• [Action item]:
Nothing but the lines from the start of the records below through the line that has "by move->; rewrite sigma_flip_eq0 negbK." should appear, each exactly as given.

Dataset extract: Begin

Fixpoint word_colour (w : seq (nat * int)) : 'I_3 :=
  if w is (i, e) :: w' then
    if i == 0%N then word_colour w' + e%:~R
    else if odd_exp e then sigma_flip (word_colour w') else word_colour w'
  else 0.

Section WordColour.
Variable ord : nat -> nat.

Lemma word_colour_tau b w : (3 %| ord 0)%N ->
  word_colour (lmul_step ord (0, b) w) = word_colour w + (step_sign b)%:~R.
Proof.
move=> ord_tau; have modE e : ((exp_mod ord 0 e)%:~R : 'I_3) = e%:~R.
  by rewrite intr_modz //; exact: (@natr_Zp_dvd 3).
case: w => [|[j e] w] /=; first by rewrite modE add0r.
case: (j =P 0%N) => [_|/eqP/negbTE j0] /=; last by rewrite j0 modE.
case: eqP => [e'0|_] /=; last by rewrite modE intrD addrA.
by rewrite -addrA -intrD -modE e'0 addr0.
Qed.

Lemma word_colour_sigma j b w : (0 < j)%N -> (2 %| ord j)%N ->
  (word_colour (lmul_step ord (j, b) w) == 0) = (word_colour w != 0).
Proof.
move=> j_gt0 ord_sigma; have oddE e : odd_exp (exp_mod ord j e) = odd_exp e.
  by rewrite /odd_exp intr_modz // natr_Zp_dvd.
have /negbTE j0 : j != 0%N by rewrite -lt0n.
case: w => [|[j2 e] w] /=.
  by rewrite j0 oddE -(add0r (step_sign b)) odd_exp_sign /odd_exp.
case: (j2 =P j) => [->|_] /=; last first.
  by rewrite j0 oddE -(add0r (step_sign b)) odd_exp_sign /= sigma_flip_eq0.
rewrite j0; case: (exp_mod ord j _ =P 0) => [e'0|_] /=.
  have : odd_exp e by rewrite -[odd_exp e]negbK -(odd_exp_sign e b) -oddE e'0.
  by move->; rewrite sigma_flip_eq0 negbK.
by rewrite j0 oddE odd_exp_sign; case: (odd_exp e); rewrite /= sigma_flip_eq0 ?negbK.
Qed.

End WordColour.

Lemma addr1_neq (R : nzRingType) (v : R) : v + 1 != v.
Proof. by rewrite -subr_eq0 addrAC subrr add0r oner_eq0. Qed.

Lemma col_nextE (i : 'I_3) : col_next i = i + 1.
Proof. by apply: val_inj; rewrite /= modnDmr addn1. Qed.

Section ColourRule.
Variables (X : Type) (t tinv : nat -> X -> X) (c : X -> 'I_3).

Lemma colour_rule_of_shifts k x :
  c (t 0 x) = c x + 1 -> c (tinv 0 x) = c x - 1 ->
  (forall j, (1 <= j < k)%N -> (c (t j x) == ord0) = (c x != ord0)) ->
  colour_rule t tinv k c x.
Proof.
move=> ct cti cs; rewrite /colour_rule /count_A1 ct cti col_nextE.
rewrite (eq_big_nat _ _ (fun j jk => congr1 nat_of_bool (cs j jk))) sum_nat_const_nat.
case: (c x) => [[|[|[|//]]] ?] /=.
all: by case: ifP => [?|_]; [lia | apply: val_inj].
Qed.

Lemma colour_rule_neq k y : colour_rule t tinv k c y -> c y != c (tinv 0 y).
Proof.
rewrite /colour_rule col_nextE; case: ifP => [_ ->|/norP [cty _]]; first exact: addr1_neq.
by case: ifP => _ ->; rewrite ?addr1_neq.
Qed.

Lemma shifts_of_colour_rule k x : cancel (t 0) (tinv 0) -> (2 <= k)%N ->
  colour_rule t tinv k c x -> colour_rule t tinv k c (t 0 x) ->
  colour_rule t tinv k c (t 0 (t 0 x)) ->
  c (t 0 x) = c x + 1 /\ (c (t 1 x) == ord0) = (c x != ord0).
Proof.
move=> tK k_ge2 rx rtx rttx.
have ctt : c (t 0 (t 0 x)) != c (t 0 x) by have := colour_rule_neq rttx; rewrite tK.
have ct : c (t 0 x) = c x + 1.
  move: rtx; rewrite /colour_rule tK col_nextE.
  by case: ifP => // _; case: ifP => // _ ctt'; rewrite ctt' eqxx in ctt.
split=> //; have cxi := colour_rule_neq rx.
have sum_le : (\sum_(2 <= j < k) (c (t j x) == ord0) <= k - 2)%N.
  by rewrite -[(k - 2)%N]muln1 -sum_nat_const_nat leq_sum // => j _; apply: leq_b1.
move: rx cxi sum_le; rewrite /colour_rule /count_A1 ct col_nextE big_ltn //.
(* In each colour pattern of (tau^-1 x, x), the admissible counts of A_1 fix c (t 1 x). *)
case: (c (tinv 0 x)) (c x) => [[|[|[|//]]] ?] [[|[|[|//]]] ?] //=.
all: case: (c (t 1 x) == ord0); case: ifP => [_ /(congr1 val) //|*]; lia.
Qed.

End ColourRule.

Section OrbitColouring.
Variables (X : pointedType) (k : nat) (ord : nat -> nat) (t tinv : nat -> X -> X).
Hypothesis t_bij : forall i, (i < k)%N -> cancel (t i) (tinv i) /\ cancel (tinv i) (t i).
Hypothesis t_ord : forall i, (i < k)%N -> (0 < ord i)%N -> iter (ord i) (t i) =1 id.
Hypothesis ord_neq1 : forall i, (i < k)%N -> ord i != 1%N.
Hypothesis ord_tau : (3 %| ord 0)%N.
Hypothesis ord_sigma : forall j, (1 <= j < k)%N -> (2 %| ord j)%N.
Hypothesis k_gt0 : (0 < k)%N.

Local Notation path_act := (path_act t tinv).
Local Notation free_point := (free_point k ord t tinv).

Definition orbit (x : X) : set X := [set y | exists2 p, valid_path k p & path_act p x = y].

Definition orbit_base (x : X) : X := get (orbit x `&` free_point).

Definition orbit_colour (x : X) : 'I_3 :=
  let p := xget [::] [set p | valid_path k p /\ path_act p (orbit_base x) = x] in
  word_colour (normal_form ord p).

Lemma orbit_sym x y : orbit x y -> orbit y = orbit x.
Proof.
move=> [p vp <-]; apply/seteqP; split => z [q vq <-].
  by exists (q ++ p); rewrite ?valid_path_cat ?vq ?vp ?path_act_cat.
exists (q ++ path_inv p); first by rewrite valid_path_cat vq valid_path_inv.
by rewrite path_act_cat (path_inv_actK t_bij).
Qed.

Lemma orbit_colourE x p : free_point (orbit_base x) -> valid_path k p ->
  path_act p (orbit_base x) = x -> orbit_colour x = word_colour (normal_form ord p).
Proof.
move=> base_free vp px; rewrite /orbit_colour.
set P := [set p | _]; have [vq qx] : P (xget [::] P) by apply: xgetPex; exists p.
by congr word_colour; apply: (normal_form_uniq t_bij t_ord ord_neq1 base_free); rewrite // qx.
Qed.

Lemma orbit_colour_rule x : free_point x -> colour_rule t tinv k orbit_colour x.
Proof.
move=> x_free.
have [[q vq qx] base_free] : (orbit x `&` free_point) (orbit_base x).
  by apply: xgetPex; exists x; split=> //; exists [::].
set p := path_inv q.
have vp : valid_path k p by rewrite valid_path_inv.
have px : path_act p (orbit_base x) = x by rewrite -qx (path_inv_actK t_bij).
have colour_step a : (a.1 < k)%N ->
    orbit_colour (step_act t tinv a x) = word_colour (lmul_step ord a (normal_form ord p)).
  move=> ak; have xa : orbit x (step_act t tinv a x) by exists [:: a]; rewrite /valid_path /= ?ak.
  have base_xa : orbit_base (step_act t tinv a x) = orbit_base x.
    by rewrite /orbit_base (orbit_sym xa).
  by apply: (orbit_colourE (p := a :: p)); rewrite ?base_xa //= ?ak ?px.
have colour_x : orbit_colour x = word_colour (normal_form ord p) by apply: orbit_colourE.
apply: colour_rule_of_shifts.
- by rewrite -[t 0 x]/(step_act t tinv (0%N, true) x) colour_step // word_colour_tau // colour_x.
- rewrite -[tinv 0 x]/(step_act t tinv (0%N, false) x) colour_step // word_colour_tau //.
  by rewrite colour_x mulrN1z.
move=> j /andP [j_gt0 jk]; rewrite -[t j x]/(step_act t tinv (j, true) x) colour_step //.
by rewrite colour_x word_colour_sigma // ord_sigma ?j_gt0.
Qed.

End OrbitColouring.

Lemma ae_preimage d (X : measurableType d) (R : realType) (m : {measure set X -> \bar R})
    (f : X -> X) (P : X -> Prop) :
  measurable_fun setT f -> (forall A, measurable A -> m (f @^-1` A) = m A) ->
  {ae m, forall x, P x} -> {ae m, forall x, P (f x)}.
Proof.
move=> mf f_pres [N [mN mN0 notP_N]]; exists (f @^-1` N); split => [||x /notP_N //].
  by rewrite -[f @^-1` N]setTI; apply: mf.
by rewrite f_pres.
Qed.

Section FinitelyAdditive.
Context {R : realType} {d : measure_display} {X : measurableType d}.
Variables (B : set (set X)) (mu : set X -> R).
Hypotheses (B_alg : set_algebra B) (mu_prob : fin_add_prob B mu).

Lemma set_algebraC A : B A -> B (~` A).
Proof. by case: B_alg => _ + _; apply. Qed.

Lemma set_algebraU A C : B A -> B C -> B (A `|` C).
Proof. by case: B_alg => _ _; apply. Qed.

Lemma set_algebraD A C : B A -> B C -> B (A `\` C).
Proof.
move=> BA BC; rewrite setDE -[A]setCK -setCU.
by apply/set_algebraC/set_algebraU => //; apply: set_algebraC.
Qed.

Lemma mu_ge0 A : B A -> 0 <= mu A.
Proof. by case: mu_prob => + _ _; apply. Qed.

Lemma muU A C : B A -> B C -> A `&` C = set0 -> mu (A `|` C) = mu A + mu C.
Proof. by case: mu_prob => _ _; apply. Qed.

Lemma muC A : B A -> mu (~` A) = 1 - mu A.
Proof.
case: mu_prob => _ muT _ BA; rewrite -muT -(setUv A) muU ?setICr //.
  by rewrite [mu A + _]addrC addrK.
exact: set_algebraC BA.
Qed.

Lemma mu_le A C : B A -> B C -> A `<=` C -> mu A <= mu C.
Proof.
move=> BA BC sAC; have BCA := set_algebraD BC BA.
by rewrite -(setDUK sAC) muU ?setDIK // lerDl mu_ge0.
Qed.

Lemma mu_le_null P Q N : B P -> B Q -> B N -> mu N = 0 ->
  P `<=` Q `|` N -> mu P <= mu Q.
Proof.
move=> BP BQ BN muN0 PQN; have BNQ := set_algebraD BN BQ.
apply: (le_trans (mu_le BP (set_algebraU BQ BN) PQN)).
have -> : Q `|` N = Q `|` (N `\` Q) by rewrite setUDr setDv setD0.
rewrite muU ?setDIK //.
by rewrite gerDl -muN0 mu_le // => x [].
Qed.

Lemma mu_le_ae (m : {measure set X -> \bar R}) P Q :
  (forall A, measurable A -> B A /\ (mu A)%:E = m A) ->
  B P -> B Q -> {ae m, forall x, P x -> Q x} -> mu P <= mu Q.
Proof.
move=> mu_ext BP BQ [N [mN mN0 notPQ_N]]; have [BN muN] := mu_ext N mN.
apply: (mu_le_null BP BQ BN); first by move: muN; rewrite mN0 => -[].
move=> x Px; have [Qx|nQx] := pselect (Q x); [by left | right].
by apply: notPQ_N => /(_ Px).
Qed.

Lemma mu_colour_classes (c : X -> 'I_3) : (forall j, B (c @^-1` [set j])) ->
  mu (c @^-1` [set 0]) + mu (c @^-1` [set 1]) + mu (c @^-1` [set 2]) = 1.
Proof.
move=> Bc; case: mu_prob => _ muT _.
have cover : c @^-1` [set 0] `|` c @^-1` [set 1] `|` c @^-1` [set 2] = setT.
  apply/seteqP; split=> // x _; rewrite /preimage /=.
  by case: (c x) => [[|[|[|//]]] ?]; [left; left | left; right | right]; apply: val_inj.
have disj i j : i != j -> c @^-1` [set i] `&` c @^-1` [set j] = set0.
  by move=> /eqP ij; apply/seteqP; split=> // x [/= -> ].
rewrite -muT -cover !muU ?disj //; first exact: set_algebraU.
by rewrite setIUl !disj // setU0.
Qed.

End FinitelyAdditive.

Section NoInvariantMean.
Context {R : realType} {d : measure_display} {X : measurableType d}.
Variables (m : probability X R) (B : set (set X)) (mu : set X -> R).
Variables (f g : X -> X) (c : X -> 'I_3).
Hypotheses (B_alg : set_algebra B) (mu_prob : fin_add_prob B mu).
Hypothesis mu_ext : forall A, measurable A -> B A /\ (mu A)%:E = m A.
Hypothesis f_inv : forall A, B A -> B (f @^-1` A) /\ mu (f @^-1` A) = mu A.
Hypothesis g_inv : forall A, B A -> B (g @^-1` A) /\ mu (g @^-1` A) = mu A.
Hypothesis c_meas : forall j, B (c @^-1` [set j]).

Dataset extract: End

• [Solved problem]:
Fixpoint word_colour (w : seq (nat * int)) : 'I_3 :=
  if w is (i, e) :: w' then
    if i == 0%N then word_colour w' + e%:~R
    else if odd_exp e then sigma_flip (word_colour w') else word_colour w'
  else 0.

Section WordColour.
Variable ord : nat -> nat.

Lemma word_colour_tau b w : (3 %| ord 0)%N ->
  word_colour (lmul_step ord (0, b) w) = word_colour w + (step_sign b)%:~R.
Proof.
move=> ord_tau; have modE e : ((exp_mod ord 0 e)%:~R : 'I_3) = e%:~R.
  by rewrite intr_modz //; exact: (@natr_Zp_dvd 3).
case: w => [|[j e] w] /=; first by rewrite modE add0r.
case: (j =P 0%N) => [_|/eqP/negbTE j0] /=; last by rewrite j0 modE.
case: eqP => [e'0|_] /=; last by rewrite modE intrD addrA.
by rewrite -addrA -intrD -modE e'0 addr0.
Qed.

Lemma word_colour_sigma j b w : (0 < j)%N -> (2 %| ord j)%N ->
  (word_colour (lmul_step ord (j, b) w) == 0) = (word_colour w != 0).
Proof.
move=> j_gt0 ord_sigma; have oddE e : odd_exp (exp_mod ord j e) = odd_exp e.
  by rewrite /odd_exp intr_modz // natr_Zp_dvd.
have /negbTE j0 : j != 0%N by rewrite -lt0n.
case: w => [|[j2 e] w] /=.
  by rewrite j0 oddE -(add0r (step_sign b)) odd_exp_sign /odd_exp.
case: (j2 =P j) => [->|_] /=; last first.
  by rewrite j0 oddE -(add0r (step_sign b)) odd_exp_sign /= sigma_flip_eq0.
rewrite j0; case: (exp_mod ord j _ =P 0) => [e'0|_] /=.
  have : odd_exp e by rewrite -[odd_exp e]negbK -(odd_exp_sign e b) -oddE e'0.
  by move->; rewrite sigma_flip_eq0 negbK.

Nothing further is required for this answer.